The formation of the lip and palate is a complex and delicate process in craniofacial development, requiring the careful joining of tissues from two opposite sides of the mouth. Cleft lip/palate (CL/P) — in which the lip and palate have failed to close — affects up to 0.2% of live births, with most instances occurring in families with no history of the disease. However, 30% of cases occur as part of single-gene syndromes. Understanding the genetics behind this class of common birth disorder has not been easy, but the recent identification of two loci, one for CL/P and the other for isolated cleft palate (CP), has provided clues to the developmental defects that underlie these malformations. The importance of these studies is underscored by the finding that mutations at the same locus could be responsible for both the inherited and sporadic forms of CL/P, indicating a model that could lead to the identification of genes for other common, complex birth defects.

In the first of two studies, Claire Braybrook and co-workers went in search of the causative locus for a specific subclass of CP — cleft palate with ankyloglossia (CPX) — which is inherited as a semi-dominant X-linked disorder. The locus was delimited to a region of Xq21; of the three plausible transcripts within the candidate interval, only one, the conserved TBX22 (T-box 22) gene, was mutated in affected males from an Icelandic family. Mutations in TBX22 — missense, nonsense, splice site and frameshift — were also observed in individuals with CPX from five other families of different ethnic backgrounds, and are predicted to cause a complete loss of function of TBX22. This mutation distribution, the expression of TBX22 in the palate and the involvement of T-box family genes in early development, make TBX22 a likely determinant in palate morphogenesis.

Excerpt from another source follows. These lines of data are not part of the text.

(* Let $\alpha\in(0,1)\cup(1,\infty)$, $\beta=\alpha/(\alpha-1)$, and consider the $\alpha$-loss $\ell_\alpha(\mathrm{h},(x,y))=\beta\big(1-\mathrm{h}(y|x)^{1/\beta}\big)$, with score $L(\mathrm{q},y)=\beta(1-\mathrm{q}(y)^{1/\beta})$. Then, for $\mathbf{a},\mathbf{b}\in\mathbb{R}^m$, the problem $\mathscr{P}_{\ell_\alpha}^{\mathbf{a},\mathbf{b}}$ is equivalent to $$\mathscr{P}_{\alpha}^{\mathbf{a},\mathbf{b}}:\ \min_{\boldsymbol{\mu},\boldsymbol{\eta},\nu}\ \tfrac{1}{2}(\mathbf{b}-\mathbf{a})^{\mathrm{T}}\boldsymbol{\eta}-\tfrac{1}{2}(\mathbf{b}+\mathbf{a})^{\mathrm{T}}\boldsymbol{\mu}-\nu\ \text{ s.t. }\sum_{y\in\mathcal{Y}}\Big(\frac{\Phi(x,y)^{\mathrm{T}}\boldsymbol{\mu}+\nu}{\beta}+1\Big)_+^{\beta}\leq 1\ \forall x\in\mathcal{X},\ \boldsymbol{\eta}+\boldsymbol{\mu}\succeq\mathbf{0},\ \boldsymbol{\eta}-\boldsymbol{\mu}\succeq\mathbf{0}.$$ In addition, for a solution $\boldsymbol{\mu}^*,\boldsymbol{\eta}^*,\nu^*$ of $\mathscr{P}_{\alpha}^{\mathbf{a},\mathbf{b}}$, the condition $\ell_\alpha(\mathrm{h},(x,y))+\Phi(x,y)^{\mathrm{T}}\boldsymbol{\mu}^*+\nu^*\leq 0$ for all $x\in\mathcal{X},y\in\mathcal{Y}$ (which makes $\mathrm{h}$ an $\ell_\alpha$-MRC for $\mathcal{U}^{\mathbf{a},\mathbf{b}}$) becomes $$\mathrm{h}(y|x)\geq \Big(\frac{\Phi(x,y)^{\mathrm{T}}\boldsymbol{\mu}^*+\nu^*}{\beta}+1\Big)_+^{\beta}\quad\forall x\in\mathcal{X},y\in\mathcal{Y}.$$
   Context: Let $\mathcal{X},\mathcal{Y}$ be finite nonempty sets, $\mathcal{Y}=\{1,\dots,|\mathcal{Y}|\}$; $\Delta(\mathcal{Y})$ is the set of probability distributions on $\mathcal{Y}$. A classification rule $\mathrm{h}$ assigns to each $x$ a distribution $\mathrm{h}(\cdot|x)\in\Delta(\mathcal{Y})$. For a score function $L$ with loss $\ell(\mathrm{h},(x,y))=L(\mathrm{h}(\cdot|x),y)$: $\Phi:\mathcal{X}\times\mathcal{Y}\to\mathbb{R}^m$ is a feature mapping, $\boldsymbol{\Phi}(x,\cdot)$ is the $|\mathcal{Y}|\times m$ matrix with rows $\Phi(x,y)^{\mathrm{T}}$, $\mathbf{1}$ the all-ones vector, $\preceq,\succeq$ componentwise, $\mathcal{L}=\{\mathbf{c}\in\mathbb{R}^{|\mathcal{Y}|}:\exists\,\mathrm{q}\in\Delta(\mathcal{Y}),\ \mathbf{c}+(L(\mathrm{q},y))_y\preceq\mathbf{0}\}$, and $\mathscr{P}_{\ell}^{\mathbf{a},\mathbf{b}}$ is $\min_{\boldsymbol{\mu},\boldsymbol{\eta},\nu}\tfrac12(\mathbf{b}-\mathbf{a})^{\mathrm{T}}\boldsymbol{\eta}-\tfrac12(\mathbf{b}+\mathbf{a})^{\mathrm{T}}\boldsymbol{\mu}-\nu$ s.t. $\boldsymbol{\Phi}(x,\cdot)\boldsymbol{\mu}+\nu\mathbf{1}\in\mathcal{L}$ $\forall x$, $\boldsymbol{\eta}\pm\boldsymbol{\mu}\succeq\mathbf{0}$. $\mathcal{U}^{\mathbf{a},\mathbf{b}}=\{\mathrm{p}\in\Delta(\mathcal{X}\times\mathcal{Y}):\mathbf{a}\preceq\mathbb{E}_{\mathrm{p}}\{\Phi\}\preceq\mathbf{b}\}$; an $\ell$-MRC for $\mathcal{U}$ minimizes $\max_{\mathrm{p}\in\mathcal{U}}\sum_{x,y}\mathrm{p}(x,y)\ell(\mathrm{h},(x,y))$ over all classification rules. In expressions $(\cdot)_+^\beta$ the positive part is taken before the power. *)

From HB Require Import structures.
From mathcomp Require Import all_boot all_order all_algebra.
From mathcomp Require Import all_classical all_reals all_analysis.
Set Implicit Arguments. Unset Strict Implicit. Unset Printing Implicit Defensive.
Import Order.TTheory GRing.Theory Num.Theory.
Local Open Scope ring_scope.

Section MRC.
Variables (R : realType) (X Y : finType) (m : nat).

Definition dotv (u v : 'cV[R]_m) : R := \sum_(i < m) u i 0 * v i 0.

Definition is_distr (q : Y -> R) : Prop :=
  (forall y, 0 <= q y) /\ \sum_(y : Y) q y = 1.

Definition is_rule (h : X -> Y -> R) : Prop := forall x, is_distr (h x).

(* (t)_+^p as an extended real: positive part taken first, then the power,
   with 0^p = 0 for p > 0 and 0^p = +oo for p < 0 (and 0^0 = 1). *)
Definition pospow (t p : R) : \bar R :=
  if 0 < t then (t `^ p)%:E
  else if 0 < p then 0%E else if p == 0 then 1%E else +oo%E.

Definition in_Lset (L : (Y -> R) -> Y -> \bar R) (c : Y -> R) : Prop :=
  exists q, is_distr q /\ forall y, ((c y)%:E + L q y <= 0)%E.

Definition mrc_obj (a b mu eta : 'cV[R]_m) (nu : R) : R :=
  2^-1 * dotv (b - a) eta - 2^-1 * dotv (b + a) mu - nu.

Definition box_constr (mu eta : 'cV[R]_m) : Prop :=
  forall i, 0 <= eta i 0 + mu i 0 /\ 0 <= eta i 0 - mu i 0.

Definition feas_ell (L : (Y -> R) -> Y -> \bar R) (Phi : X -> Y -> 'cV[R]_m)
  (mu eta : 'cV[R]_m) (nu : R) : Prop :=
  (forall x, in_Lset L (fun y => dotv (Phi x y) mu + nu)) /\ box_constr mu eta.

Definition beta_of (alpha : R) : R := alpha / (alpha - 1).

Definition alpha_score (alpha : R) (q : Y -> R) (y : Y) : \bar R :=
  ((beta_of alpha)%:E * (1 - pospow (q y) (beta_of alpha)^-1))%E.

Definition alpha_loss (alpha : R) (h : X -> Y -> R) (x : X) (y : Y) : \bar R :=
  alpha_score alpha (h x) y.

Definition feas_alpha (alpha : R) (Phi : X -> Y -> 'cV[R]_m)
  (mu eta : 'cV[R]_m) (nu : R) : Prop :=
  (forall x, (\sum_(y : Y)
      pospow ((dotv (Phi x y) mu + nu) / beta_of alpha + 1) (beta_of alpha)
      <= 1)%E) /\ box_constr mu eta.

Definition is_solution (feas : 'cV[R]_m -> 'cV[R]_m -> R -> Prop)
  (a b : 'cV[R]_m) (mu eta : 'cV[R]_m) (nu : R) : Prop :=
  feas mu eta nu /\
  forall mu' eta' nu', feas mu' eta' nu' ->
    mrc_obj a b mu eta nu <= mrc_obj a b mu' eta' nu'.

End MRC.

From HB Require Import structures.
From mathcomp Require Import all_boot all_order all_algebra.
From mathcomp Require Import all_classical all_reals all_analysis.
From mathcomp Require Import ring.
Set Implicit Arguments.
Unset Strict Implicit.
Unset Printing Implicit Defensive.
Import Order.TTheory GRing.Theory Num.Theory.
Local Open Scope ring_scope.

(* For beta != 0 and v >= 0, the score constraint c + beta (1 - v^(1/beta)) <= 0
   is equivalent to ((c/beta + 1)_+)^beta <= v: the map v |-> v^(1/beta) is an
   increasing bijection of [0, oo) when beta > 0 and a decreasing one onto
   (0, oo] (with 0 |-> +oo) when beta < 0.  Hence c lies in the set L of the
   alpha-score iff some distribution q dominates the vector
   ((c/beta + 1)_+)^beta, which happens iff that vector has total mass at most
   1 (put the missing mass on a single label).  The same pointwise equivalence,
   with v = h(y|x), turns the MRC condition into the lower bound on h. *)

Section PosPow.
Variable R : realType.
Implicit Types p r s t v : R.

Lemma gt0_ler_powR2 s : 0 < s ->
  {in Num.nneg &, {mono (@powR R)^~ s : x y / x <= y}}.
Proof. by move=> s_gt0; apply: le_mono_in; exact: gt0_ltr_powR. Qed.

Lemma lt0_ltr_powR r : r < 0 ->
  {in Num.pos &, {homo (@powR R)^~ r : x y /~ x < y}}.
Proof.
move=> r_lt0 x y x_gt0 y_gt0 lt_xy.
rewrite -[r]opprK (powRN x) (powRN y) ltf_pV2 ?posrE ?powR_gt0 //.
by apply: gt0_ltr_powR; rewrite ?oppr_gt0 ?nnegrE ?ltW.
Qed.

Lemma lt0_ler_powR2 r : r < 0 ->
  {in Num.pos &, {mono (@powR R)^~ r : x y /~ x <= y}}.
Proof. by move=> r_lt0; apply: le_nmono_in; exact: lt0_ltr_powR. Qed.

Lemma powRVK s t : s != 0 -> 0 <= t -> (t `^ s^-1) `^ s = t.
Proof. by move=> s_neq0 t_ge0; rewrite -powRrM mulVf // powRr1. Qed.

Lemma pospow_ge0 t p : (0 <= pospow t p)%E.
Proof.
rewrite /pospow; case: ifP => _; first by rewrite lee_fin powR_ge0.
by case: ifP => _ //; case: ifP.
Qed.

Lemma gt0_pospow t p : 0 < t -> pospow t p = (t `^ p)%:E.
Proof. by rewrite /pospow => ->. Qed.

Lemma ge0_pospow t p : 0 <= t -> 0 < p -> pospow t p = (t `^ p)%:E.
Proof.
rewrite le_eqVlt => /predU1P[<- p_gt0|/gt0_pospow//].
by rewrite /pospow ltxx p_gt0 powR0 ?gt_eqF.
Qed.

Lemma lt0_pospow_gt0 t p : p < 0 -> (0 < pospow t p)%E.
Proof.
move=> p_lt0; rewrite /pospow; case: ifP => [t_gt0|_].
  by rewrite lte_fin powR_gt0.
by rewrite (ltNge 0 p) (ltW p_lt0) /= (lt_eqF p_lt0).
Qed.

Lemma gt0_pospow_leE p t v : 0 < p -> 0 <= v ->
  (pospow t p <= v%:E)%E = (t <= v `^ p^-1).
Proof.
move=> p_gt0 v_ge0; have [t_gt0|t_le0] := ltP 0 t.
  rewrite gt0_pospow // lee_fin.
  rewrite -[RHS](gt0_ler_powR2 p_gt0) ?nnegrE ?powR_ge0 ?(ltW t_gt0) //.
  by rewrite powRVK ?gt_eqF.
rewrite /pospow ltNge t_le0 p_gt0 /= lee_fin v_ge0.
by rewrite (le_trans t_le0) ?powR_ge0.
Qed.

Lemma lt0_pospow_leE p t v : p < 0 -> 0 < v ->
  (pospow t p <= v%:E)%E = (v `^ p^-1 <= t).
Proof.
move=> p_lt0 v_gt0; have [t_gt0|t_le0] := ltP 0 t.
  rewrite gt0_pospow // lee_fin -[RHS](lt0_ler_powR2 p_lt0) ?posrE ?powR_gt0 //.
  by rewrite powRVK ?(lt_eqF p_lt0) ?(ltW v_gt0).
rewrite (leNgt (v `^ _)) (le_lt_trans t_le0) ?powR_gt0 //.
by rewrite /pospow (ltNge 0 t) t_le0 (ltNge 0 p) (ltW p_lt0) /= (lt_eqF p_lt0).
Qed.

Lemma score_shift_le0_iff be c v : be != 0 -> 0 <= v ->
  (c%:E + be%:E * (1 - pospow v be^-1) <= 0)%E <->
  (pospow (c / be + 1) be <= v%:E)%E.
Proof.
move=> be_neq0 v_ge0.
have shift w : c + be * (1 - w) = be * ((c / be + 1) - w) by field.
have [be_lt0|be_gt0|be0] := ltgtP be 0; last by rewrite be0 eqxx in be_neq0.
  move: v_ge0; rewrite le_eqVlt => /predU1P[<-|v_gt0]; last first.
    rewrite gt0_pospow // -EFinB -EFinM -EFinD lee_fin shift.
    by rewrite nmulr_rle0 // subr_ge0 lt0_pospow_leE.
  have -> : pospow 0 be^-1 = +oo%E.
    by rewrite /pospow ltxx ltNge ltW ?invr_lt0 //= invr_eq0 (negbTE be_neq0).
  have -> : (1 - +oo = -oo :> \bar R)%E by [].
  rewrite mulrNy ltr0_sg // mulN1e /= addey // leye_eq.
  by rewrite leNgt lt0_pospow_gt0.
rewrite ge0_pospow ?invr_gt0 // -EFinB -EFinM -EFinD lee_fin shift.
by rewrite pmulr_rle0 // subr_le0 gt0_pospow_leE.
Qed.

End PosPow.

Section Distributions.
Variables (R : realType) (Y : finType).
Implicit Types (P : Y -> \bar R) (p q : Y -> R).

Lemma exists_distr_ge (y0 : Y) p : (forall y, 0 <= p y) ->
  \sum_(y : Y) p y <= 1 -> exists q, is_distr q /\ forall y, p y <= q y.
Proof.
move=> p_ge0 sum_le1; set d := 1 - \sum_(y : Y) p y.
have d_ge0 : 0 <= d by rewrite subr_ge0.
exists (fun y => p y + (if y == y0 then d else 0)); split; first split.
- by move=> y; rewrite addr_ge0 //; case: ifP.
- by rewrite big_split /= -big_mkcond big_pred1_eq /d addrC subrK.
- by move=> y; rewrite lerDl; case: ifP.
Qed.

Lemma exists_distr_gee (y0 : Y) P : (forall y, (0 <= P y)%E) ->
  (\sum_(y : Y) P y <= 1)%E -> exists q, is_distr q /\ forall y, (P y <= (q y)%:E)%E.
Proof.
move=> P_ge0 sum_le1.
have P_le1 y : (P y <= 1)%E.
  apply: le_trans sum_le1; rewrite (bigD1 y) //= leeDl //.
  by apply: sume_ge0 => z _.
have PE y : P y = (fine (P y))%:E.
  by rewrite fineK // ge0_fin_numE // (le_lt_trans (P_le1 y)) ?ltry.
have [||q [q_distr P_le_q]] := @exists_distr_ge y0 (fine \o P).
- by move=> y; rewrite -lee_fin -PE.
- by rewrite -lee_fin -sumEFin; under eq_bigr => y _ do rewrite /= -PE.
by exists q; split=> // y; rewrite PE lee_fin; exact: P_le_q.
Qed.

End Distributions.

Section Solutions.
Variables (R : realType) (m : nat).

Lemma is_solution_iff (feas1 feas2 : 'cV[R]_m -> 'cV[R]_m -> R -> Prop) a b :
  (forall mu eta nu, feas1 mu eta nu <-> feas2 mu eta nu) ->
  forall mu eta nu, is_solution feas1 a b mu eta nu <-> is_solution feas2 a b mu eta nu.
Proof.
move=> feasE mu eta nu.
by split=> -[/feasE feas_mu min_mu]; split=> // mu' eta' nu' /feasE; exact: min_mu.
Qed.

End Solutions.

Section AlphaLoss.
Variables (R : realType) (X Y : finType) (m : nat) (alpha : R).
Hypotheses (alpha_gt0 : 0 < alpha) (alpha_neq1 : alpha != 1).
Local Notation beta := (beta_of alpha).

Lemma beta_of_neq0 : beta != 0.
Proof. by rewrite /beta_of mulf_neq0 ?invr_eq0 ?subr_eq0 // gt_eqF. Qed.

Lemma alpha_score_le0_iff c (q : Y -> R) y : 0 <= q y ->
  (c%:E + alpha_score alpha q y <= 0)%E <-> (pospow (c / beta + 1) beta <= (q y)%:E)%E.
Proof. exact: score_shift_le0_iff beta_of_neq0. Qed.

Lemma in_Lset_alpha_scoreE (y0 : Y) (c : Y -> R) :
  in_Lset (alpha_score alpha) c <->
  (\sum_(y : Y) pospow (c y / beta + 1) beta <= 1)%E.
Proof.
split=> [[q [[q_ge0 sum_q] c_le]]|sum_le1].
  apply: (@le_trans _ _ (\sum_(y : Y) (q y)%:E)%E); last by rewrite sumEFin sum_q.
  by apply: lee_sum => y _; apply/alpha_score_le0_iff.
have [q [q_distr le_q]] := exists_distr_gee y0 (fun y => pospow_ge0 _ _) sum_le1.
by exists q; split=> // y; apply/alpha_score_le0_iff => //; case: q_distr.
Qed.

Lemma feas_ell_alpha_scoreE (y0 : Y) (Phi : X -> Y -> 'cV[R]_m) mu eta nu :
  feas_ell (alpha_score alpha) Phi mu eta nu <-> feas_alpha alpha Phi mu eta nu.
Proof.
by split=> -[inL box]; split=> // x; apply/(in_Lset_alpha_scoreE y0); exact: inL.
Qed.

Lemma alpha_loss_le0_iff (h : X -> Y -> R) (c : X -> Y -> R) : is_rule h ->
  (forall x y, (alpha_loss alpha h x y + (c x y)%:E <= 0)%E) <->
  (forall x y, (pospow (c x y / beta + 1) beta <= (h x y)%:E)%E).
Proof.
move=> h_rule; split=> c_le x y.
  by apply/alpha_score_le0_iff; [case: (h_rule x)|rewrite addeC; exact: c_le].
by rewrite addeC; apply/alpha_score_le0_iff; [case: (h_rule x)|exact: c_le].
Qed.

End AlphaLoss.

Theorem corollary3 (R : realType) (X Y : finType) (m : nat)
  (x0 : X) (y0 : Y) (Phi : X -> Y -> 'cV[R]_m) (alpha : R)
  (halpha : 0 < alpha) (halpha1 : alpha != 1) (a b : 'cV[R]_m) :
  (* P_{ell_alpha}^{a,b} and P_alpha^{a,b}: same objective, same feasible set *)
  (forall mu eta nu,
     feas_ell (alpha_score alpha) Phi mu eta nu <-> feas_alpha alpha Phi mu eta nu) /\
  (* hence the same solutions *)
  (forall mu eta nu,
     is_solution (feas_ell (alpha_score alpha) Phi) a b mu eta nu <->
     is_solution (feas_alpha alpha Phi) a b mu eta nu) /\
  (* the MRC condition for a solution of P_alpha^{a,b} *)
  (forall mus etas nus, is_solution (feas_alpha alpha Phi) a b mus etas nus ->
     forall h : X -> Y -> R, is_rule h ->
       ((forall x y,
           (alpha_loss alpha h x y + (dotv (Phi x y) mus + nus)%:E <= 0)%E) <->
        (forall x y,
           (pospow ((dotv (Phi x y) mus + nus) / beta_of alpha + 1) (beta_of alpha)
             <= (h x y)%:E)%E))).
Proof.
have feasE := feas_ell_alpha_scoreE halpha halpha1 y0 Phi.
split; first exact: feasE.
split; first exact: is_solution_iff.
by move=> mus etas nus _ h h_rule; exact: alpha_loss_le0_iff.
Qed.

The starting point for the second study, by Mehmet Sözen et al., was their earlier finding of a gene responsible for the inherited CL/P-ectodermal dysplasia syndrome (CLPED1), an autosomal-recessive disorder attributable to mutations in the poliovirus receptor-related 1 gene, PVRL1 . In the Venezuelan community on Margarita Island that they studied, CLPED1 is very frequent and is caused by homozygosity for the PVRL1 nonsense mutation, W185X. Because the level of sporadic CL/P is also high on this island, the authors were curious to find out whether the same W185X variant was involved in both familial and sporadic forms of CL/P. Although there was no significant difference between the heterozygosity for W185X in sporadic CL/P patients and normal, unrelated islanders, a difference was observed in a population on the adjacent Venezuelan mainland. It seems likely that heterozygosity for W185X is a moderate genetic risk factor for sporadic CL/P, at least in this population, but is only one of many genetic and environmental contributors.

The story will not end here, as more susceptibility loci for CL/P defects will no doubt emerge. For all of them, the identification of the molecular lesion must be followed by a characterization of the resulting developmental pathology. In the case of PVRL1, which encodes nectin-1 — a cell–cell adhesion molecule important for cell fusion — this process has already begun. A key message to emerge from these two papers is that rare developmental syndromes can indicate candidate loci for more common disorders — a strategy that is especially welcome when standard mapping approaches are not an option.